Find the energy (in joules) of the photon that is emitted when the electron in a hydrogen atom undergoes a transition from the n=7 energy level to produce a line in the Paschen series.
Paschen series are to n=3
n=7 so n^2 = 49
n=3 so n^2 = 9
use the Rydberg formula
1/lambda = Rh(1/9 - 1/49)
where Rh = 1.097 x 10^7 m^-1
then convert the wavelength (lambda) to energy using E=hf
To find the energy of a photon emitted during a transition in a hydrogen atom, we can use the formula:
E = (hc) / λ
where E is the energy of the photon, h is the Planck's constant (6.626 x 10^-34 J·s), c is the speed of light in vacuum (3.00 x 10^8 m/s), and λ is the wavelength of the emitted light.
To determine the wavelength of the emitted light in the Paschen series, we can use the formula:
1/λ = R * (1/n1^2 - 1/n2^2)
where R is the Rydberg constant (1.097 x 10^7 m^-1), and n1 and n2 are the initial and final energy levels, respectively.

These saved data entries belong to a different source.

Theorem lemma2 (r alpha sigma d1 d2 x beta a b : R)
  (hsigma : 0 < sigma)
  (hd12 : d1 < d2)
  (hd1 : Pquad r alpha sigma d1 = 0)
  (hd2 : Pquad r alpha sigma d2 = 0)
  (hx : 0 < x) (ha : 0 < a) (hb : 0 < b) :
  (beta < d2 ->
     is_lim (fun t => Rpower x beta * exp (Pquad r alpha sigma beta * t) *
                      (1 - Hfun sigma x d1 d2 beta a t)) p_infty 0) /\
  (d1 < beta ->
     is_lim (fun t => Rpower x beta * exp (Pquad r alpha sigma beta * t) *
                      Hfun sigma x d1 d2 beta b t) p_infty 0) /\
  (beta = 0 ->
     is_lim (fun t => Rpower x beta * exp (Pquad r alpha sigma beta * t) *
                      (Hfun sigma x d1 d2 beta b t - Hfun sigma x d1 d2 beta a t))
       p_infty 0).
Proof.
  split; [| split]; intros Hbeta.
  - apply is_lim_upper_tail; assumption.
  - apply is_lim_lower_tail; assumption.
  -
    destruct (Rlt_or_le beta d2) as [Hup | Hlow].
    + eapply is_lim_ext; [| apply is_lim_minus_0;
        [ apply (is_lim_upper_tail r alpha sigma d1 d2 x beta a)
        | apply (is_lim_upper_tail r alpha sigma d1 d2 x beta b) ]]; try assumption.
      intros t; simpl; ring.
    + eapply is_lim_ext; [| apply is_lim_minus_0;
        [ apply (is_lim_lower_tail r alpha sigma d1 d2 x beta b)
        | apply (is_lim_lower_tail r alpha sigma d1 d2 x beta a) ]]; try assumption; try lra.
      intros t; simpl; ring.
Qed.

Since the transition is from the n=7 energy level (n2) in the Paschen series, we can substitute n1=1 and n2=7 into the second equation to find λ. Plugging that value into the first equation will give us the energy of the photon.
1/λ = R * (1/1^2 - 1/7^2)
1/λ = R * (1 - 1/49)
1/λ = R * (48/49)
λ = 49/(48 * R)
Now, we can use this value of λ to find the energy (E) of the photon using the first equation:
E = (hc) / λ
E = (6.626 x 10^-34 J·s * 3.00 x 10^8 m/s) / (49/(48 * R))
E = (6.626 x 3.00 x 10^-26) / (49/(48 * 1.097 x 10^7))
Calculating this expression will give us the energy (E) in joules.
To find the energy of the photon emitted during the transition from the n=7 energy level in a hydrogen atom to produce a line in the Paschen series, we can use the formula:
E = -R_H*(1/n_f^2 - 1/n_i^2)
Where E is the energy of the photon, R_H is the Rydberg constant for hydrogen (2.18 x 10^-18 J), and n_f and n_i are the final and initial energy levels, respectively.
For the Paschen series, the final energy level (n_f) is 3, and the initial energy level (n_i) is 7.
Plugging these values into the formula:
E = -2.18 x 10^-18 J * (1/3^2 - 1/7^2)
Simplifying the equation:
E = -2.18 x 10^-18 J * (1/9 - 1/49)
E = -2.18 x 10^-18 J * (40/441)
E = -8.05 x 10^-20 J
Since energy cannot be negative, we take the absolute value of the answer:
|E| = 8.05 x 10^-20 J
Therefore, the energy of the photon emitted during the transition is approximately 8.05 x 10^-20 joules.